Q: I’m curious about anyone who is producing work at thirteen, let alone work that one might consider publishable a few years later. How were you producing work so early? What kind of activity were you reading, or otherwise engaged in, that prompted such writing?

A: I had incredible writing teachers! They taught me everything I know and really started my love for writing and literature.

Q: Who were those first poets you were reading that prompted your attention?

A: Definitely Sylvia Plath. Adrienne Rich, Anne Carson, and Audre Lorde.

Q: What was it about their work that struck? What was it about their work that you think you absorbed, to incorporate into your own?

A: I think the way that each poet addressed womanhood—or didn’t—really spoke to me.

Q: What do you mean?

A: I’m really intrigued by the various portrayals of womanhood and girlhood or queerness and how different authors represent and address both in their work. I think Anne Carson’s Autobiography of Red perfectly captures the young queer experience. It actually inspired me to start writing my first novel, The Glass House, which has two young gay protagonists.

Q: What do you feel you can accomplish with fiction that you aren’t able to in poetry? Or does your sense of the two genres bleed into each other?
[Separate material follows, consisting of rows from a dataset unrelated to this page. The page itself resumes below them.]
Lemma pran_reachable_size (t : nat) (s : pran_state) :
  pran_reachable t s -> size (cliques s) = (d.+2 + t * d.+1)%N.
Proof. by move=> [wf_s vs]; rewrite (pran_wf_size wf_s) vs addKn. Qed.

Lemma eq_pran_expect (t : nat) (f g : pran_state -> R) :
  (forall s, pran_reachable t s -> f s = g s) -> pran_expect d t f = pran_expect d t g.
Proof.
elim: t f g => [|t IHt] f g fg; first exact/fg/pran_reachable_init.
rewrite !pran_expectS; apply: IHt => s reach_s; congr (_ * _).
by apply: eq_bigr => i _; apply/fg/pran_reachable_step.
Qed.

Lemma pran_expect_affine (t : nat) (f g : pran_state -> R) (a b c : R) :
  pran_expect d t (fun s => a * f s + b * g s + c) =
  a * pran_expect d t f + b * pran_expect d t g + c.
Proof.
elim: t f g => [|t IHt] f g //; rewrite !pran_expectS -IHt.
apply: eq_pran_expect => s reach_s; rewrite /pran_mean !big_split /= -!mulr_sumr sumr_const card_ord.
have L_neq0 : (size (cliques s))%:R != 0 :> R by rewrite (pran_reachable_size reach_s) pnatr_eq0.
by rewrite -mulr_natr; field.
Qed.

Lemma pran_mean_Ndeg (s : pran_state) (k : nat) : pran_wf d s -> (0 < k)%N ->
  pran_mean (fun s => (Ndeg k s)%:R) s =
  (1 - (clique_weight d k)%:R / (size (cliques s))%:R) * (Ndeg k s)%:R +
  (clique_weight d k.-1)%:R / (size (cliques s))%:R * (Ndeg k.-1 s)%:R + (k == d.+1)%:R.
Proof.
move=> wf_s k_gt0; rewrite /pran_mean.
have -> : \sum_(i < size (cliques s)) (Ndeg k (pran_step s (nth [::] (cliques s) i)))%:R =
          (\sum_(c <- cliques s) Ndeg k (pran_step s c))%:R :> R.
  by rewrite natr_sum (big_nth [::]) big_mkord.
have := congr1 (fun n => n%:R : R) (sum_Ndeg_step wf_s k_gt0); rewrite /= !natrD !natrM.
have L_neq0 : (size (cliques s))%:R != 0 :> R by rewrite (pran_wf_size wf_s) pnatr_eq0.
move: L_neq0; set L := (size (cliques s))%:R; set S := (\sum_(c <- _) _)%:R => L_neq0 sum_eq.
by rewrite -[S](addrK ((Ndeg k s)%:R * (clique_weight d k)%:R)) sum_eq; field.
Qed.

Definition expected_Ndeg (t k : nat) : R := pran_expect d t (fun s => (Ndeg k s)%:R).

Lemma expected_Ndeg0 (t : nat) : expected_Ndeg t 0 = 0.
Proof.
rewrite /expected_Ndeg (@eq_pran_expect _ _ (fun s => 0 * (Ndeg 0 s)%:R + 0 * (Ndeg 0 s)%:R + 0)).
  by rewrite pran_expect_affine !mul0r !addr0.
by move=> s [wf_s _]; rewrite (Ndeg0 wf_s) !mul0r !addr0.
Qed.

Lemma expected_NdegS (t k : nat) : (0 < k)%N ->
  expected_Ndeg t.+1 k =
  (1 - (clique_weight d k)%:R / (d.+2 + t * d.+1)%:R) * expected_Ndeg t k +
  (clique_weight d k.-1)%:R / (d.+2 + t * d.+1)%:R * expected_Ndeg t k.-1 + (k == d.+1)%:R.
Proof.
move=> k_gt0; rewrite /expected_Ndeg pran_expectS -pran_expect_affine.
apply: eq_pran_expect => s reach_s.
by rewrite pran_mean_Ndeg // ?(pran_reachable_size reach_s) //; case: reach_s.
Qed.
End Expectation.

Section Limit.
Variables (R : realType) (d : nat).

(* Vanishes for k <= d, so a single recursion from k = 0 covers all degrees. *)
Fixpoint pran_limit (k : nat) : R :=
  if k is k'.+1 then
    ((clique_weight d k')%:R * pran_limit k' + (d.+1 * (k' == d))%:R) /
    (d.+1 + clique_weight d k'.+1)%:R
  else 0.

Lemma cvg_expected_Ndeg (k : nat) (c : R) : 0 < c ->
  (fun t => expected_Ndeg R d t k / (t%:R + c)) @ \oo --> pran_limit k.
Proof.
elim: k c => [|k IHk] c c_gt0.
  under eq_fun => t do rewrite expected_Ndeg0 mul0r.
  exact: cvg_cst.
set D : R := d.+1%:R; set G : R := d.+2%:R / D.
have D_gt0 : 0 < D by rewrite ltr0n.
have G_gt0 : 0 < G by rewrite divr_gt0 ?ltr0n.
have tG_gt0 t : 0 < t%:R + G by exact: ltr_pwDr G_gt0 (ler0n _ _).
have L_eq t : (d.+2 + t * d.+1)%:R = D * (t%:R + G) :> R.
  by rewrite natrD natrM /G; field; rewrite gt_eqF.
have a_ge0 : 0 <= (clique_weight d k.+1)%:R / D by rewrite divr_ge0 ?ler0n // ltW.
have -> : pran_limit k.+1 =
    ((clique_weight d k)%:R / D * pran_limit k + (k.+1 == d.+1)%:R) / (1 + (clique_weight d k.+1)%:R / D).
  rewrite [pran_limit k.+1]/= eqSS natrM natrD -/D; field.
  by rewrite nat1r -natrD !pnatr_eq0.
pose b t := (clique_weight d k)%:R / D * (expected_Ndeg R d t k / (t%:R + G)) + (k.+1 == d.+1)%:R.
apply: (cvg_affine_recursion_div (g := G) (b := b)) => //.
- move=> t; rewrite expected_NdegS // L_eq /b; field.
  by rewrite !gt_eqF.
- apply: cvgD; last exact: cvg_cst.
  by apply: cvgM; [exact: cvg_cst | exact: IHk G_gt0].
Qed.

Lemma pran_limit_le (k : nat) : (k <= d)%N -> pran_limit k = 0.
Proof.
elim: k => // k IHk kd.
rewrite [pran_limit k.+1]/= IHk; last exact: ltnW.
by rewrite mulr0 add0r (ltn_eqF kd) muln0 mul0r.
Qed.

Lemma natr_clique_weight (j : nat) : (d <= j)%N ->
  (clique_weight d j)%:R = (d * j)%:R - (d * d)%:R + 1 :> R.
Proof.
by move=> dj; rewrite /clique_weight -natr1 mulnBr natrB // leq_mul2l dj orbT.
Qed.

Lemma pran_limit_min_degree : pran_limit d.+1 = 1 / 2.
Proof.
rewrite [pran_limit d.+1]/= (pran_limit_le (leqnn d)) mulr0 add0r eqxx muln1.
rewrite /clique_weight subSnn muln1 natrD.
have d1_gt0 : 0 < 1 + d%:R :> R := ltr_pwDl ltr01 (ler0n _ _).
by field; rewrite gt_eqF // addr_gt0.
Qed.

Lemma pran_limit_ratio (k : nat) : (d.+1 < k)%N ->
  pran_limit k = ((d * k)%:R - (d * d)%:R - d%:R + 1) /
                 ((d * k)%:R - (d * d)%:R + d%:R + 2) * pran_limit k.-1.
Proof.
case: k => // k; rewrite ltnS => dk.
rewrite [pran_limit k.+1]/=.
rewrite (gtn_eqF dk) muln0 addr0 natrD (natr_clique_weight (ltnW dk)).
rewrite (natr_clique_weight (leqW (ltnW dk))) mulnS natrD.
by rewrite [LHS]mulrAC; congr (_ * _^-1 * _); ring.
Qed.
End Limit.

Theorem mainTheorem3 (R : realType) (d : nat) (hd : (1 <= d)%N) :
  exists P : nat -> R,
    (forall k : nat, (d.+1 <= k)%N ->
       (fun t : nat => pran_expect d t (fun s => (Ndeg k s)%:R) / (d + 2 + t)%:R)
         @ \oo --> P k) /\
    P d.+1 = 1 / 2 /\
    (forall k : nat, (d.+1 < k)%N ->
       P k = ((d * k)%:R - (d * d)%:R - d%:R + 1) /
             ((d * k)%:R - (d * d)%:R + d%:R + 2) * P k.-1).
Proof.
exists (pran_limit R d); split; [|split].
- move=> k _; under eq_fun => t do rewrite natrD addrC.
  by apply: cvg_expected_Ndeg; rewrite ltr0n addn2.
- exact: pran_limit_min_degree.
- exact: pran_limit_ratio.
Qed.
(* [a_0 dx] transforms as a 1-form. *)
Lemma act_rel_coeff0 k f a b : act_rel k f a b ->
  forall x, Derive f x * b 0%nat (f x) = a 0%nat x.
Proof.
  intros H x. pose proof (H (fun _ => 1) (sfun_const 1) x) as E.
  now rewrite !op_one in E.
Qed.

Lemma Cmap_plus k a c : Dk k a -> Dk k c ->
  Cmap k (fun i x => a i x + c i x) = (fun i x => Cmap k a i x + Cmap k c i x).
Proof.
  intros Ha Hc. apply Cmap_eq; [now apply Dk_plus|].
  apply Cspec_of_adjoint; [apply Dk_plus; now apply Dk_Cmap|].
  intros g Hg x. rewrite op_plus_coeffs, !op_Cmap, adjoint_plus_coeffs by
    (auto; apply Hg || eapply Dk_smooth; eauto).
  reflexivity.
Qed.

Lemma Cmap_scal k r a : Dk k a -> Cmap k (fun i x => r * a i x) = (fun i x => r * Cmap k a i x).
Proof.
  intros Ha. apply Cmap_eq; [now apply Dk_scal|].
  apply Cspec_of_adjoint; [apply Dk_scal; now apply Dk_Cmap|].
  intros g Hg x. rewrite op_scal_coeffs, !op_Cmap, adjoint_scal_coeffs by auto using Dk_scal.
  reflexivity.
Qed.

Lemma in_Ik_Cmap k : in_Ik k (Cmap k).
Proof.
  split; [|split; [|split]].
  - apply Dk_Cmap.
  - apply Cmap_plus.
  - intros; now apply Cmap_scal.
  - intros f Hf a b Ha Hb Hab phi Hphi x.
    rewrite !op_Cmap by auto using sfun_comp_diffS1.
    now apply adjoint_natural.
Qed.

Lemma Dk_P0 k a : Dk k a -> Dk k (P0 k a).
Proof.
  intros Ha. apply Dk_of_order_0; [exact (Dk_sfun k a Ha 0%nat)|].
  intros [|i] x H; [lia|reflexivity].
Qed.

Lemma in_Ik_P0 k : in_Ik k (P0 k).
Proof.
  split; [|split; [|split]].
  - apply Dk_P0.
  - intros a c Ha Hc. apply coeffs_ext. intros [|i] x; simpl; auto. ring.
  - intros r a Ha. apply coeffs_ext. intros [|i] x; simpl; auto. ring.
  - intros f Hf a b Ha Hb Hab phi Hphi x.
    rewrite !op_order_0 by (intros [|i] y H; [lia|reflexivity]).
    simpl. rewrite <- (act_rel_coeff0 k f a b Hab). ring.
Qed.

Lemma P0s_Cmap k a x : Dk k a -> P0s k a 0%nat x = Cmap k a 0%nat x.
Proof.
  intros Ha. rewrite <- (op_one k (Cmap k a)), op_Cmap by auto using sfun_const.
  unfold adjoint, P0s. apply sum_n_ext_le. intros i _.
  f_equal. apply Derive_n_ext. intros; ring.
Qed.

Lemma P0_C k : eqmap k (mcomp (P0 k) (Cmap k)) (P0s k).
Proof.
  intros a Ha. apply coeffs_ext. intros [|i] x; [symmetry; now apply P0s_Cmap|reflexivity].
Qed.

Lemma in_Ik_P0s k : in_Ik k (P0s k).
Proof.
  apply (in_Ik_eqmap k _ (mcomp (P0 k) (Cmap k))).
  - intros a Ha. symmetry. now apply P0_C.
  - apply in_Ik_mcomp; [apply in_Ik_P0|apply in_Ik_Cmap].
Qed.

Lemma Dk_P0s k a : Dk k a -> Dk k (P0s k a).
Proof. apply (proj1 (in_Ik_P0s k)). Qed.

(** * A partition of unity by functions vanishing to high order *)

Definition sin2_at (y0 y : R) := sin (PI * y + - (PI * y0)) ^ 2.
Definition cos2_at (y0 y : R) := cos (PI * y + - (PI * y0)) ^ 2.

Lemma sfun_sin2_at y0 : sfun (sin2_at y0).
Proof.
  split; [apply smooth_pow; exact (proj1 (smooth_sin_cos PI (- (PI * y0))))|].
  intros y. unfold sin2_at.
  replace (PI * (y + 1) + - (PI * y0)) with (PI * y + - (PI * y0) + PI) by ring.
  rewrite neg_sin. ring.
Qed.

Lemma sfun_cos2_at y0 : sfun (cos2_at y0).
Proof.
  split; [apply smooth_pow; exact (proj2 (smooth_sin_cos PI (- (PI * y0))))|].
  intros y. unfold cos2_at.
  replace (PI * (y + 1) + - (PI * y0)) with (PI * y + - (PI * y0) + PI) by ring.
  rewrite neg_cos. ring.
Qed.

Lemma sin2_at_root y0 : sin2_at y0 y0 = 0.
Proof. unfold sin2_at. replace (PI * y0 + - (PI * y0)) with 0 by ring. rewrite sin_0. ring. Qed.

Lemma cos2_at_root y0 : cos2_at y0 (y0 + / 2) = 0.
Proof.
  unfold cos2_at. replace (PI * (y0 + / 2) + - (PI * y0)) with (PI / 2) by (unfold Rdiv; ring).
  rewrite cos_PI2. ring.
Qed.

(* Expand [1 = (sin^2 + cos^2)^(2N)] binomially: each term has a factor
   [sin^(2t)] or [cos^(2(2N-t))] with exponent at least [N]. *)
Lemma one_ind_flat N y0 (P : (R -> R) -> Prop) :
  (forall w1 w2, sfun w1 -> sfun w2 -> P w1 -> P w2 -> P (fun y => w1 y + w2 y)) ->
  (forall w, sfun w -> flat w N y0 \/ flat w N (y0 + / 2) -> P w) ->
  P (fun _ => 1).
Proof.
  intros Hplus Hbase.
  set (M := (2 * N)%nat).
  set (w := fun t y => sin2_at y0 y ^ t * (cos2_at y0 y ^ (M - t) * Binomial.C M t)).
  assert (Ws : forall t, sfun (w t)).
  { intros t. apply sfun_mult; [|apply sfun_mult];
      auto using sfun_pow, sfun_const, sfun_sin2_at, sfun_cos2_at. }
  assert (Hsin := proj1 (sfun_sin2_at y0)). assert (Hcos := proj1 (sfun_cos2_at y0)).
  assert (Wt : forall t, P (w t)).
  { intros t. apply Hbase; auto. destruct (le_lt_dec N t) as [Ht|Ht]; [left|right].
    - apply flat_mult_r; auto using smooth_pow, smooth_mult, smooth_const.
      apply flat_le with t; auto.
      apply (flat_pow_root _ y0 Hsin (sin2_at_root y0) t).
    - apply flat_mult_l; auto using smooth_pow, smooth_mult, smooth_const.
      apply flat_mult_r; auto using smooth_pow, smooth_const.
      apply flat_le with (M - t)%nat; [|unfold M; lia].
      apply (flat_pow_root _ (y0 + / 2) Hcos (cos2_at_root y0) (M - t)). }
  assert (Psum : forall m, P (fun y => sum_n (fun t => w t y) m)).
  { induction m as [|m IH].
    - replace (fun y => sum_n (fun t => w t y) 0) with (w 0%nat); auto.
      apply functional_extensionality; intros; now rewrite sum_n_0.
    - replace (fun y => sum_n (fun t => w t y) (S m))
        with (fun y => sum_n (fun t => w t y) m + w (S m) y)
        by (apply functional_extensionality; intros; now rewrite sum_n_S).
      apply Hplus; auto using sfun_sum. }
  replace (fun _ : R => 1) with (fun y => sum_n (fun t => w t y) M); [apply Psum|].
  apply functional_extensionality; intros y.
  rewrite sum_n_Reals, <- (pow1 M).
  replace 1 with (sin2_at y0 y + cos2_at y0 y)
    by (unfold sin2_at, cos2_at; rewrite <- (sin2_cos2 (PI * y + - (PI * y0))); unfold Rsqr; ring).
  rewrite binomial. apply sum_eq. intros t _. unfold w. ring.
Qed.

Lemma Cmap_involutive k a : Dk k a -> Cmap k (Cmap k a) = a.
Proof.
  intros Ha. assert (HC := Dk_Cmap k a Ha).
  apply Cmap_eq; auto. apply Cspec_of_adjoint; auto.
  intros g Hg x.
  set (h := fun x => op k a g x - adjoint k (Cmap k a) g x).
  assert (Hh : sfun h).
  { apply sfun_plus; [apply sfun_op|apply sfun_opp, sfun_adjoint]; auto; eapply Dk_sfun; eauto. }
  cut (h x = 0); [unfold h; lra|]. revert x.
  apply sfun_eq_0_of_pairing; auto. intros w Hw.
  assert (Hwa : sfun (fun x => w x * adjoint k (Cmap k a) g x))
    by (apply sfun_mult, sfun_adjoint; auto; eapply Dk_sfun; eauto).
  assert (Hwo : sfun (fun x => w x * op k a g x))
    by (apply sfun_mult, sfun_op; auto; eapply Dk_sfun; eauto).
  rewrite (RInt_ext_R _ (fun x => w x * op k a g x + -1 * (w x * adjoint k (Cmap k a) g x)))
    by (intros; unfold h; ring).
  rewrite RInt_plus_smooth, RInt_scal_smooth by (apply Hwo || apply Hwa || apply smooth_scal, Hwa).
  rewrite RInt_adjoint, <- (RInt_adjoint k a) by (auto; eapply Dk_sfun; eauto).
  rewrite (RInt_ext_R (fun x => g x * op k (Cmap k a) w x) (fun x => g x * adjoint k a w x))
    by (intros; now rewrite op_Cmap).
  ring_R.
Qed.

Lemma Derive_zero_const h : (forall x, ex_derive h x) -> (forall x, Derive h x = 0) ->
  forall x y, h x = h y.
Proof.
  intros Hd H0 x y.
  destruct (MVT_gen h x y (Derive h)) as [c [_ E]].
  - intros z _. now apply Derive_correct.
  - intros z _. apply continuity_pt_filterlim, (ex_derive_continuous h z (Hd z)).
  - rewrite H0 in E. lra.
Qed.

Lemma sfun_P1 k a : Dk k a -> sfun (P1 k a 1%nat).
Proof.
  intros Ha. apply sfun_sum. intros j.
  apply sfun_scal, sfun_Derive_n, (Dk_sfun k a Ha).
Qed.

Lemma ex_derive_P1 k a x : Dk k a -> ex_derive (P1 k a 1%nat) x.
Proof. intros Ha. apply smooth_ex_derive, (sfun_P1 k a Ha). Qed.

Lemma Dk_P1 k a : (1 <= k)%nat -> Dk k a -> Dk k (P1 k a).
Proof.
  intros Hk Ha. apply Dk_of_order_1; [exact Hk| |now apply sfun_P1|].
  - change (P1 k a 0%nat) with (fun _ : R => 0). apply sfun_const.
  - apply order_le_P1.
Qed.

Lemma Derive_P1 k a x : (1 <= k)%nat -> Dk k a ->
  Derive (P1 k a 1%nat) x = a 0%nat x - P0s k a 0%nat x.
Proof.
  intros Hk Ha. destruct k as [|k]; [lia|].
  unfold P0s, P1. replace (S k - 1)%nat with k by lia.
  rewrite sum_n_first. simpl pow. rewrite Rmult_1_l.
  change (Derive (fun y => sum_n (fun j => (-1) ^ j * Derive_n (a (S j)) j y) k) x) with
    (Derive_n (fun y => sum_n (fun j => (fun z => (-1) ^ j * Derive_n (a (S j)) j z) y) k) 1 x).
  rewrite Derive_n_sum_smooth
    by (intros j; apply smooth_scal, smooth_Derive_n, (Dk_smooth (S k) a Ha)).
  rewrite (sum_n_ext_le (fun i => -1 * (-1) ^ i * Derive_n (a (S i)) (S i) x)
                        (fun i => -1 * ((-1) ^ i * Derive_n (a (S i)) (S i) x))) by (intros; ring).
  rewrite sum_n_scal_R.
  rewrite (sum_n_ext_le (fun i => Derive_n (fun z => (-1) ^ i * Derive_n (a (S i)) i z) 1 x)
                        (fun i => (-1) ^ i * Derive_n (a (S i)) (S i) x))
    by (intros j _; simpl; now rewrite Derive_scal).
  change (Derive_n (a 0%nat) 0 x) with (a 0%nat x). ring_R.
Qed.

Lemma P1_plus k a c : Dk k a -> Dk k c ->
  P1 k (fun i x => a i x + c i x) = (fun i x => P1 k a i x + P1 k c i x).
Proof.
  intros Ha Hc. apply coeffs_ext. intros [|[|i]] x; simpl; try ring.
  rewrite <- sum_n_plus_R. apply sum_n_ext_le. intros j _.
  rewrite Derive_n_plus_smooth by (exact (Dk_smooth k a Ha _) || exact (Dk_smooth k c Hc _)).
  ring.
Qed.

Lemma P1_scal k r a : P1 k (fun i x => r * a i x) = (fun i x => r * P1 k a i x).
Proof.
  apply coeffs_ext. intros [|[|i]] x; simpl; try ring.
  rewrite <- sum_n_scal_R. apply sum_n_ext_le. intros j _.
  rewrite Derive_n_scal_l. ring.
Qed.

Lemma flat_deriv_coeffs c n x0 : smooth_coeffs c -> (forall j, flat (c j) (S n) x0) ->
  forall j, flat (deriv_coeffs c j) n x0.
Proof.
  intros Hc H j. unfold deriv_coeffs.
  apply flat_plus; [apply smooth_Derive, Hc|destruct j; [apply smooth_const|apply Hc]| |].
  - apply flat_S, H.
  - destruct j; [apply flat_zero|apply flat_le with (S n); auto].
Qed.

Lemma flat_Dn_mult_coeffs a n x0 : smooth a -> flat a n x0 ->
  forall i j, flat (Dn_mult_coeffs i a j) (n - i) x0.
Proof.
  intros Ha H i. induction i as [|i IH]; intros j.
  - rewrite Nat.sub_0_r. destruct j; [exact H|apply flat_zero].
  - destruct (le_lt_dec n i); [replace (n - S i)%nat with 0%nat by lia; apply flat_0|].
    apply flat_deriv_coeffs; [now apply smooth_Dn_mult_coeffs|].
    intros j'. replace (S (n - S i)) with (n - i)%nat by lia. apply IH.
Qed.

Lemma P1_flat k a x0 : (1 <= k)%nat -> (forall i, flat (a i) k x0) -> P1 k a 1%nat x0 = 0.
Proof. intros Hk H. apply sum_n_zero. intros j Hj. rewrite H; [ring|lia]. Qed.

Lemma P1_Cmap_flat k a x0 : (1 <= k)%nat -> Dk k a -> (forall i, flat (a i) (2 * k) x0) ->
  P1 k (Cmap k a) 1%nat x0 = 0.
Proof.
  intros Hk Ha H. rewrite Cmap_C_coeffs by auto. apply sum_n_zero. intros j Hj.
  unfold C_coeffs.
  rewrite Derive_n_sum_smooth
    by (intros i; apply smooth_scal, smooth_Dn_mult_coeffs, (Dk_smooth k a Ha)).
  rewrite sum_n_zero; [ring|]. intros i Hi.
  rewrite Derive_n_scal_l, (flat_Dn_mult_coeffs (a i) (2 * k) x0); [ring|..|lia];
    auto; apply (Dk_smooth k a Ha).
Qed.

Lemma P1_Cmap_add_const k a : (1 <= k)%nat -> Dk k a ->
  forall x y, P1 k (Cmap k a) 1%nat x + P1 k a 1%nat x = P1 k (Cmap k a) 1%nat y + P1 k a 1%nat y.
Proof.
  intros Hk Ha. assert (HC := Dk_Cmap k a Ha).
  apply Derive_zero_const.
  - intros x. apply (ex_derive_plus (P1 k (Cmap k a) 1%nat) (P1 k a 1%nat)); now apply ex_derive_P1.
  - intros x.
    rewrite Derive_plus, !Derive_P1, !P0s_Cmap, Cmap_involutive by auto using ex_derive_P1.
    ring.
Qed.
A: The objective behind my work, which is to further lesbian voices, remains the same with both genres. With fiction I think that I approach that objective differently, as my focus is on capturing the lives (and by extension the issues), of lesbian individuals. My poetry is more directly about queer issues and sexuality. I think each genre accomplishes my goal, though.

Q: Finally, who do you read to reenergize your own work? What particular works can’t you help but return to?

A: Currently I love A Little Life by Hanya Yanaghira, The Secret History by Donna Tartt, Difficult Women by Roxane Gay, Makeshift Cathedral by Peter LaBerge, and Ruin by Cynthia Cruz.